Devínsky hrad (Devin castle) - The Old World
Almost two months ago, I left Texas and moved to Prague with my love, Sashka. Two months ago…the time between then and now feels stretched and distorted, like I’m looking at the recent past in a funhouse mirror and saying ‘really? Only two months?’ My memory is tricked by the constant freshness of everything, as well as the seemingly never-ending list of to-do items, bureaucracy, castles and sunsets, not to mention changing professions and navigating the murky waters of living with a romantic partner for the first time.
Our perception of time (and in film or photography, the way creators can express the passage of time) won’t leave my thoughts. Ever since the first day I arrived in Europe, I’ve thought about time, and all of the other facets of life that get bundled up into that abstract, seemingly unquantifiable problem of our changing perception of time’s passage. How years can seem to disappear and two months can stretch to the horizon…
The first day in the “Old World," I awoke with Sashka and she took me on a drive through her city of Bratislava, the capital of Slovakia. I was giddy. Even though the sky was nothing but shifting clouds and I was without one of my bags (lost in transit) there was a weightlessness in me.
Central Europe was as I expected it to be – overcast with a sharp wind, every wall, empty space, or surface tall enough to reach covered in colorful graffiti.
We arrived at Devin Castle. The ruins sit upon a promontory that juts out into the confluence of the Danube and Morava rivers. I had a feeling from the moment I stepped out of the car, a combination of my mood, the weather, and extreme weight of time that hung over everything, that my pictures would end up being black and white.
I’ve never been the best with time or distance. I don’t know what that says about me or the way I think. Tell me that the castle area has been inhabited since Neolithic times, fortified since the Bronze age…I can’t fathom the space between when I stood there creating these photos, and the early peoples who struggled against the elements and each other atop that lonely, wind scoured hill.

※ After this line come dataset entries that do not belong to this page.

(* For every $n\in\mathbb{N}$, $n\ge1$, and all $\Delta,\Delta'\in\mathcal{P}_n$ with $\Delta\not\equiv\Delta'$: $d_\Delta(i)=d_{\Delta'}(i)$ for every $i\in\mathbb{Z}_n$ if and only if $f^{(\Delta)}_{128,n}=f^{(\Delta')}_{128,n}$.
   Context: Cells are indexed by $\mathbb{Z}_n=\{0,\dots,n-1\}$, indices modulo $n$. Rule $128$ has local rule $r_{128}(x_1,x_2,x_3)=x_1\wedge x_2\wedge x_3$ and global function $f_{128,n}(x)_i=r_{128}(x_{i-1},x_i,x_{i+1})$. An update schedule is an ordered partition $\Delta=(\Delta_1,\dots,\Delta_k)$ of $\mathbb{Z}_n$ into nonempty blocks; $\mathcal{P}_n$ is the set of them. For a block $B$ let $f^{(B)}(x)_i=f_{128,n}(x)_i$ if $i\in B$ and $x_i$ otherwise; $f^{(\Delta)}_{128,n}=f^{(\Delta_k)}\circ\cdots\circ f^{(\Delta_1)}$. (The paper phrases equality of dynamics as equality of transition digraphs with arcs $(x,f^{(\Delta)}_{128,n}(x))$, equivalent to equality of maps.) For $u,v\in\mathbb{Z}_n$ with $u\in\Delta_a$, $v\in\Delta_b$, $lab_\Delta((u,v))=\oplus$ if $b\le a$ and $\ominus$ if $a<b$. Define $d^{\leftarrow}_\Delta(i)=\max\{k\in\mathbb{N}:\forall j,\,0<j<k\Rightarrow lab_\Delta((i-j,i-j+1))=\ominus\}$, $d^{\rightarrow}_\Delta(i)=\max\{k\in\mathbb{N}:\forall j,\,0<j<k\Rightarrow lab_\Delta((i+j,i+j-1))=\ominus\}$, and $d_\Delta(i)=\{i-k\bmod n:0\le k\le d^{\leftarrow}_\Delta(i)\}\cup\{i+k\bmod n:0\le k\le d^{\rightarrow}_\Delta(i)\}$. $\Delta\equiv\Delta'$ iff $lab_\Delta$ and $lab_{\Delta'}$ agree on every arc $(i,i+1)$ and $(i+1,i)$, $i\in\mathbb{Z}_n$. *)

From mathcomp Require Import all_boot.
Set Implicit Arguments. Unset Strict Implicit. Unset Printing Implicit Defensive.

(* Cells: 'I_n, with cyclic successor ordS (i+1 mod n) and predecessor
   ord_pred (i-1 mod n). Configurations: {ffun 'I_n -> bool}. *)
Definition config (n : nat) := {ffun 'I_n -> bool}.

Definition r128 (x1 x2 x3 : bool) : bool := [&& x1, x2 & x3].

Definition f128 (n : nat) (x : config n) : config n :=
  [ffun i : 'I_n => r128 (x (ord_pred i)) (x i) (x (ordS i))].

Definition ordered_partition (n : nat) (D : seq {set 'I_n}) : Prop :=
  [/\ all (fun B : {set 'I_n} => B != set0) D,
      (forall u : 'I_n, has (fun B : {set 'I_n} => u \in B) D) &
      (forall a b, a < size D -> b < size D -> a != b ->
          [disjoint nth set0 D a & nth set0 D b])].

Definition fblock (n : nat) (B : {set 'I_n}) (x : config n) : config n :=
  [ffun i : 'I_n => if i \in B then f128 x i else x i].

Definition fsched (n : nat) (D : seq {set 'I_n}) (x : config n) : config n :=
  foldl (fun y B => fblock B y) x D.

Definition blk (n : nat) (D : seq {set 'I_n}) (u : 'I_n) : nat :=
  find (fun B : {set 'I_n} => u \in B) D.

(* lab_Delta((u,v)) : true = (+) (b <= a), false = (-) (a < b),
   where u in Delta_a, v in Delta_b *)
Definition lab (n : nat) (D : seq {set 'I_n}) (u v : 'I_n) : bool :=
  blk D v <= blk D u.

Definition minus_k (n : nat) (i : 'I_n) (k : nat) : 'I_n := iter k (@ord_pred n) i.
Definition plus_k (n : nat) (i : 'I_n) (k : nat) : 'I_n := iter k (@ordS n) i.

Definition okleft (n : nat) (D : seq {set 'I_n}) (i : 'I_n) (k : nat) : bool :=
  [forall j : 'I_k, (0 < j) ==> ~~ lab D (minus_k i j) (ordS (minus_k i j))].
Definition okright (n : nat) (D : seq {set 'I_n}) (i : 'I_n) (k : nat) : bool :=
  [forall j : 'I_k, (0 < j) ==> ~~ lab D (plus_k i j) (ord_pred (plus_k i j))].

(* d^<-(i) and d^->(i): the maximum k in N satisfying okleft/okright.
   okleft/okright are downward closed and fail for k = n+1 on an ordered
   partition (a cyclic chain of strict block-index increases is impossible),
   so the maximum over k <= n is the maximum over all of N. *)
Definition dleft (n : nat) (D : seq {set 'I_n}) (i : 'I_n) : nat :=
  \max_(k < n.+1 | okleft D i k) k.
Definition dright (n : nat) (D : seq {set 'I_n}) (i : 'I_n) : nat :=
  \max_(k < n.+1 | okright D i k) k.

Definition dset (n : nat) (D : seq {set 'I_n}) (i : 'I_n) : {set 'I_n} :=
  [set j | [exists k : 'I_(dleft D i).+1, j == minus_k i k]]
  :|: [set j | [exists k : 'I_(dright D i).+1, j == plus_k i k]].

Definition sched_equiv (n : nat) (D D' : seq {set 'I_n}) : Prop :=
  forall i : 'I_n, lab D i (ordS i) = lab D' i (ordS i) /\
                   lab D (ordS i) i = lab D' (ordS i) i.

From mathcomp Require Import all_boot.
Set Implicit Arguments. Unset Strict Implicit. Unset Printing Implicit Defensive.

(* When cell u is updated, it reads each neighbour v either before v is
   updated (if v's block does not come earlier) or after it, in which case
   v's new value has itself been computed from its own neighbours.  Since
   rule 128 is a conjunction, unfolding these reads shows that the new value
   at u is the conjunction of the initial values over the maximal runs of
   strictly decreasing block indices leaving u to the left and to the right,
   which is d_Delta(u).  So f^(Delta) is determined by the sets d_Delta(u);
   conversely d_Delta(u) is the set of cells j whose single 0 switches the
   value at u off. *)

Section Conjunctions.
Variable n : nat.

Definition conj_on (S : {set 'I_n}) (x : config n) := [forall (j | j \in S), x j].

Lemma conj_onU A B x : conj_on (A :|: B) x = conj_on A x && conj_on B x.
Proof.
apply/forall_inP/andP => [H|[/forall_inP HA /forall_inP HB] j].
  by split; apply/forall_inP => j Hj; apply: H; rewrite inE Hj ?orbT.
by rewrite inE => /orP[]; auto.
Qed.

Lemma conj_on1 u A x : conj_on (u |: A) x = x u && conj_on A x.
Proof.
rewrite conj_onU; congr andb.
apply/forall_inP/idP => [H|H j]; first by apply: H; rewrite inE.
by rewrite inE => /eqP ->.
Qed.

Lemma conj_on0 x : conj_on set0 x.
Proof. by apply/forall_inP => j; rewrite inE. Qed.

Lemma conj_on_neq S j : conj_on S [ffun k => k != j] = (j \notin S).
Proof.
apply/forall_inP/idP => [H|H k Hk].
  by apply/negP => Hj; have := H _ Hj; rewrite ffunE eqxx.
by rewrite ffunE; apply/eqP => e; rewrite -e Hk in H.
Qed.

End Conjunctions.

Section Schedule.
Variables (n : nat) (D : seq {set 'I_n}).
Hypothesis HD : ordered_partition D.

Lemma blk_ltsize u : blk D u < size D.
Proof. by case: HD => _ H _; rewrite /blk -has_find. Qed.

Lemma mem_nth_blk u : u \in nth set0 D (blk D u).
Proof. by case: HD => _ H _; apply: (nth_find set0 (H u)). Qed.

Lemma notin_nth_blk t u : t < size D -> t != blk D u -> u \notin nth set0 D t.
Proof.
case: HD => _ _ H tD ne; apply/negP => Hu.
have := H t (blk D u) tD (blk_ltsize u) ne.
by move/disjointFl => /(_ _ (mem_nth_blk u)); rewrite Hu.
Qed.

Definition partial_sched t x := foldl (fun y B => fblock B y) x (take t D).

Lemma partial_schedS t x : t < size D ->
  partial_sched t.+1 x = fblock (nth set0 D t) (partial_sched t x).
Proof. by move=> tD; rewrite /partial_sched (take_nth set0 tD) foldl_rcons. Qed.

Definition updated x u := f128 (partial_sched (blk D u) x) u.

Lemma partial_schedE t x u : t <= size D ->
  partial_sched t x u = if t <= blk D u then x u else updated x u.
Proof.
elim: t => [|t IH] tD; first by rewrite /partial_sched take0.
rewrite partial_schedS // ffunE.
have tD' : t <= size D by apply: ltnW.
case: (ltngtP t (blk D u)) => [lt|gt|->]; last by rewrite mem_nth_blk.
- by rewrite (negbTE (notin_nth_blk tD _)) ?IH ?(ltnW lt) ?lt // neq_ltn lt.
- rewrite (negbTE (notin_nth_blk tD _)) ?IH //; last by rewrite neq_ltn gt orbT.
  by rewrite leqNgt gt.
Qed.

Lemma fsched_updated x u : fsched D x u = updated x u.
Proof.
have -> : fsched D x = partial_sched (size D) x by rewrite /partial_sched take_size.
by rewrite partial_schedE // leqNgt blk_ltsize.
Qed.

Definition input_from (s : 'I_n -> 'I_n) (x : config n) u :=
  if blk D u <= blk D (s u) then x (s u) else updated x (s u).

Lemma updatedE x u :
  updated x u = [&& input_from (@ord_pred n) x u, x u & input_from (@ordS n) x u].
Proof.
by rewrite {1}/updated /f128 ffunE /r128 !partial_schedE ?leqnn // ltnW ?blk_ltsize.
Qed.

End Schedule.

Lemma iter_cancel T (s s' : T -> T) k y : cancel s s' -> iter k s' (iter k s y) = y.
Proof. by move=> Hc; elim: k => // k IH; rewrite iterSr iterS Hc. Qed.

Section Chains.
Variables (n : nat) (D : seq {set 'I_n}) (s s' : 'I_n -> 'I_n).

Definition descending i k :=
  [forall j : 'I_k, (0 < j) ==> ~~ lab D (iter j s i) (s' (iter j s i))].

Lemma descendingP i k : reflect
  (forall j, 0 < j < k -> ~~ lab D (iter j s i) (s' (iter j s i)))
  (descending i k).
Proof.
apply: (iffP forallP) => H j.
  by move=> /andP[j0 jk]; have := H (Ordinal jk); rewrite /= j0.
by apply/implyP => j0; apply: H; rewrite j0 ltn_ord.
Qed.

Lemma descending_le i k k' : k' <= k -> descending i k -> descending i k'.
Proof.
move=> le /descendingP H; apply/descendingP => j /andP[j0 jk]; apply: H.
by rewrite j0 (leq_trans jk le).
Qed.

Lemma descending0 i : descending i 0.
Proof. by apply/descendingP => j /andP[_]. Qed.

Lemma descending1 i : descending i 1.
Proof. by apply/descendingP => -[|j] /andP[]. Qed.

Definition chain i :=
  [set j | [exists k : 'I_n.+1, descending i k && (j == iter k s i)]].

Lemma max_chainE i :
  [set j | [exists k : 'I_(\max_(k < n.+1 | descending i k) k).+1, j == iter k s i]]
  = chain i.
Proof.
rewrite (bigmax_eq_arg ord0) ?descending0 //; case: arg_maxnP; first exact: descending0.
move=> m descm maxm; apply/setP => j; rewrite !inE.
apply/existsP/existsP => [[k /eqP->]|[k /andP[desck /eqP->]]].
  have kn : k < n.+1 by apply: leq_ltn_trans (ltn_ord m); rewrite -ltnS.
  by exists (Ordinal kn); rewrite /= eqxx andbT (descending_le _ descm) // -ltnS.
have kn : k < (nat_of_ord m).+1 by rewrite ltnS; apply: maxm.
by exists (Ordinal kn); rewrite /= eqxx.
Qed.

Hypothesis Hc : cancel s s'.
Hypothesis Hn : forall y, iter n s y = y.

Lemma descendingSS i k :
  descending i k.+2 = (blk D (s i) < blk D i) && descending (s i) k.+1.
Proof.
have first_step : ~~ lab D (iter 1 s i) (s' (iter 1 s i)) = (blk D (s i) < blk D i).
  by rewrite /= Hc /lab -ltnNge.
apply/descendingP/andP => [H|[c /descendingP H] [|[|j]] /andP[// _ jk]].
- rewrite -first_step; split; first exact: H.
  by apply/descendingP => j /andP[j0 jk]; rewrite -iterSr; apply: H.
- by rewrite first_step.
- by rewrite iterSr; apply: H.
Qed.

Lemma chainE i : chain i =
  i |: (s i |: (if blk D (s i) < blk D i then chain (s i) else set0)).
Proof.
have k1 : 1 < n.+1 by rewrite ltnS (leq_ltn_trans _ (ltn_ord i)).
apply/setP => j; rewrite !inE; apply/existsP/idP.
  case=> -[[|[|k]] kn] /= /andP[desck /eqP ->]; rewrite ?eqxx ?orbT //.
  move: desck; rewrite descendingSS => /andP[c desck]; rewrite c inE.
  apply/orP; right; apply/orP; right; apply/existsP.
  by exists (Ordinal (ltnW kn)); rewrite /= desck; apply/eqP; rewrite -iterSr.
case/orP => [/eqP->|]; first by exists ord0; rewrite /= descending0 eqxx.
case/orP => [/eqP->|]; first by exists (Ordinal k1); rewrite /= descending1 eqxx.
case: ifP => c; last by rewrite inE.
rewrite inE => /existsP[[[|k] kn] /andP[desck /eqP->]].
  by exists (Ordinal k1); rewrite /= descending1 eqxx.
case: (ltnP k.+1 n) => kn'.
  exists (Ordinal (kn' : k.+2 < n.+1)).
  by rewrite /= descendingSS c desck; apply/eqP; rewrite -iterSr.
(* the run has wrapped around the whole ring and is back at s i *)
have -> : iter k.+1 s (s i) = s i.
  by rewrite (_ : k.+1 = n) ?Hn //; apply/anti_leq; rewrite kn' andbT -ltnS.
by exists (Ordinal k1); rewrite /= descending1 eqxx.
Qed.

End Chains.

Lemma iter_ordS_n n (y : 'I_n) : iter n (@ordS n) y = y.
Proof.
have iter_ordSE k : val (iter k (@ordS n) y) = (y + k) %% n.
  elim: k => [|k IH] /=; first by rewrite addn0 modn_small.
  by rewrite IH addnS -[((y + k) %% n).+1]addn1 modnDml addn1.
by apply: val_inj; rewrite iter_ordSE modnDr modn_small.
Qed.

Lemma iter_ord_pred_n n (y : 'I_n) : iter n (@ord_pred n) y = y.
Proof. by rewrite -{1}(iter_ordS_n y) iter_cancel //; apply: ordSK. Qed.

Lemma input_fromE n (D : seq {set 'I_n}) (s s' : 'I_n -> 'I_n) x u :
  cancel s s' -> cancel s' s ->
  (forall y, iter n s y = y) -> (forall y, iter n s' y = y) ->
  (blk D (s u) < blk D u -> updated D x (s u) =
     conj_on (chain D s s' (s u)) x && conj_on (chain D s' s (s u)) x) ->
  input_from D s x u && x u = conj_on (chain D s s' u) x.
Proof.
move=> Hss' Hs's Hn Hn' IH; rewrite /input_from (chainE D Hss' Hn) !conj_on1.
case: leqP => c; first by rewrite conj_on0 andbT andbC.
rewrite IH // (chainE D Hs's Hn') Hss' ltnNge (ltnW c) /= !conj_on1 conj_on0.
by case: (x u); case: (x (s u)); rewrite ?andbT ?andbF.
Qed.

Lemma updated_conj_chains n (D : seq {set 'I_n}) x u : ordered_partition D ->
  updated D x u = conj_on (chain D (@ord_pred n) (@ordS n) u) x
               && conj_on (chain D (@ordS n) (@ord_pred n) u) x.
Proof.
move=> HD; have [m] := ubnP (blk D u); elim: m u => // m IH u /= um.
have IHlt v : blk D v < blk D u -> updated D x v =
    conj_on (chain D (@ord_pred n) (@ordS n) v) x
    && conj_on (chain D (@ordS n) (@ord_pred n) v) x.
  by move=> lt; apply: IH; apply: leq_trans lt _.
have Pn := @iter_ord_pred_n n; have Sn := @iter_ordS_n n.
rewrite updatedE // -(input_fromE (u := u) (@ord_predK n) (@ordSK n) Pn Sn (IHlt _)).
rewrite -(input_fromE (u := u) (@ordSK n) (@ord_predK n) Sn Pn); last first.
  by move=> lt; rewrite andbC; apply: IHlt.
by case: (x u); rewrite ?andbT ?andbF.
Qed.

Lemma fsched_conj_dset n (D : seq {set 'I_n}) x u :
  ordered_partition D -> fsched D x u = conj_on (dset D u) x.
Proof.
move=> HD; rewrite fsched_updated // updated_conj_chains // /dset conj_onU.
by rewrite -(max_chainE D (@ord_pred n) (@ordS n)) -(max_chainE D (@ordS n) (@ord_pred n)).
Qed.

Theorem mainTheorem17 (n : nat) (D D' : seq {set 'I_n}) :
  0 < n -> ordered_partition D -> ordered_partition D' ->
  ~ sched_equiv D D' ->
  ((forall i : 'I_n, dset D i = dset D' i) <->
   (forall x : config n, fsched D x = fsched D' x)).
Proof.
move=> _ HD HD' _; split => [same_dset x | same_fsched i].
  by apply/ffunP => u; rewrite !fsched_conj_dset // same_dset.
apply/setP => j; apply/negb_inj.
by rewrite -!conj_on_neq -!fsched_conj_dset // same_fsched.
Qed.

The Castle, once it became more than a church and small collection of dwellings, was built with defense in mind. From the highest remaining level of the ruins, you can see for miles into Austria and up and down the Danube. We stood and looked out over a vast land of rolling hills, sometimes dotted with groups of sheep. On the distant horizon was a line of wind turbines. Beneath the castle are the rivers meeting, churning into one another and throwing the brown riverbed up to the surface.
The history of the Castle Devin is convoluted. Possession of the hill and castle changed hands more times than I could keep track of, a retinue of unfamiliar royal names. One name that stuck out to me, Napoleon Bonaparte. In 1809, his forces shelled the castle, turning it into the ruin it is today.

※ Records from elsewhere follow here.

(* Let $E$ be a Dedekind complete Riesz space with conditional expectation operator $T$, weak order unit $e$ with $Te=e$, and a filtration $(T_i)_{i\ge0}$ compatible with $T$. Let $(f_i)_{i\in\mathbb{N}}$ be a sequence in $E$ adapted to $(T_i)$ (i.e. $f_i\in\mathcal{R}(T_i)$) which is $e$-uniformly bounded, i.e. there is $B>0$ with $|f_i|\le Be$ for all $i$. Put $g_i:=f_i-T_{i-1}f_i$. Then $(g_i,T_i)$ is a martingale difference sequence (i.e. $g_i\in\mathcal{R}(T_i)$ and $T_ig_{i+1}=0$ for all $i$), and $$T\Big|\frac1n\sum_{i=1}^n g_i\Big|\to0\quad\text{(in order) as } n\to\infty.$$
   Context: A conditional expectation operator on a Dedekind complete Riesz space $E$ with a weak order unit is a positive, order continuous linear projection $T:E\to E$ which maps weak order units to weak order units and whose range $\mathcal{R}(T)$ is a Dedekind complete Riesz subspace of $E$. A filtration is a sequence $(T_i)$ of conditional expectations with $T_iT_j=T_i=T_jT_i$ for $i\le j$; it is compatible with $T$ if $T_iT=T=TT_i$ for all $i$. *)

From HB Require Import structures.
From mathcomp Require Import all_boot all_order all_algebra.
From mathcomp Require Import reals.
Set Implicit Arguments. Unset Strict Implicit. Unset Printing Implicit Defensive.
Import Order.TTheory GRing.Theory Num.Theory.
Local Open Scope ring_scope.

Record riesz_space (R : realType) (E : lmodType R) : Type := RieszSpace {
  rle : E -> E -> Prop;
  rjoin : E -> E -> E;
  rle_refl : forall x, rle x x;
  rle_trans : forall x y z, rle x y -> rle y z -> rle x z;
  rle_anti : forall x y, rle x y -> rle y x -> x = y;
  rle_add : forall x y z, rle x y -> rle (x + z) (y + z);
  rle_scale : forall (a : R) x y, 0 <= a -> rle x y -> rle (a *: x) (a *: y);
  rjoin_ubl : forall x y, rle x (rjoin x y);
  rjoin_ubr : forall x y, rle y (rjoin x y);
  rjoin_least : forall x y z, rle x z -> rle y z -> rle (rjoin x y) z
}.

Section Riesz.
Context {R : realType} {E : lmodType R} (L : riesz_space E).

Local Notation "x <=R y" := (rle L x y) (at level 70).

Definition rabs (x : E) : E := rjoin L x (- x).

Definition is_ub (S : E -> Prop) (u : E) := forall x, S x -> x <=R u.
Definition is_lb (S : E -> Prop) (u : E) := forall x, S x -> u <=R x.
Definition is_sup (S : E -> Prop) (s : E) :=
  is_ub S s /\ forall u, is_ub S u -> s <=R u.
Definition is_inf (S : E -> Prop) (s : E) :=
  is_lb S s /\ forall u, is_lb S u -> u <=R s.

Definition dedekind_complete :=
  forall S : E -> Prop, (exists x, S x) -> (exists u, is_ub S u) ->
  exists s, is_sup S s.

Definition ideal (P : E -> Prop) :=
  [/\ P 0, (forall x y, P x -> P y -> P (x + y)),
      (forall (a : R) x, P x -> P (a *: x)) &
      (forall x y, P y -> rabs x <=R rabs y -> P x)].

Definition band (P : E -> Prop) :=
  ideal P /\
  forall (S : E -> Prop) s, (forall x, S x -> P x) -> is_sup S s -> P s.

A piece of the Iron Curtain ran just outside the castle, along the muddy bank of the Danube. It was here that people were shot trying to cross the river under the veil of night. The tumultuous, violent history of Europe is all here at once, both modern and ancient, relevant and forgotten.
In the shadow of the castle, before one reaches the river, are two modern structures – a memorial to the victims of Communism, and an abandoned rectangular building. The building is overgrown and falling to pieces. The pieces that haven’t fallen are covered in graffiti. I don’t know the building’s purpose.
The abandoned building’s visual relation to the castle left me with a strange feeling. Each one of those structures was a testament to the ceaseless power of time. How important the people who ruled here thought they were…
I felt like I was standing on the cusp of some understanding.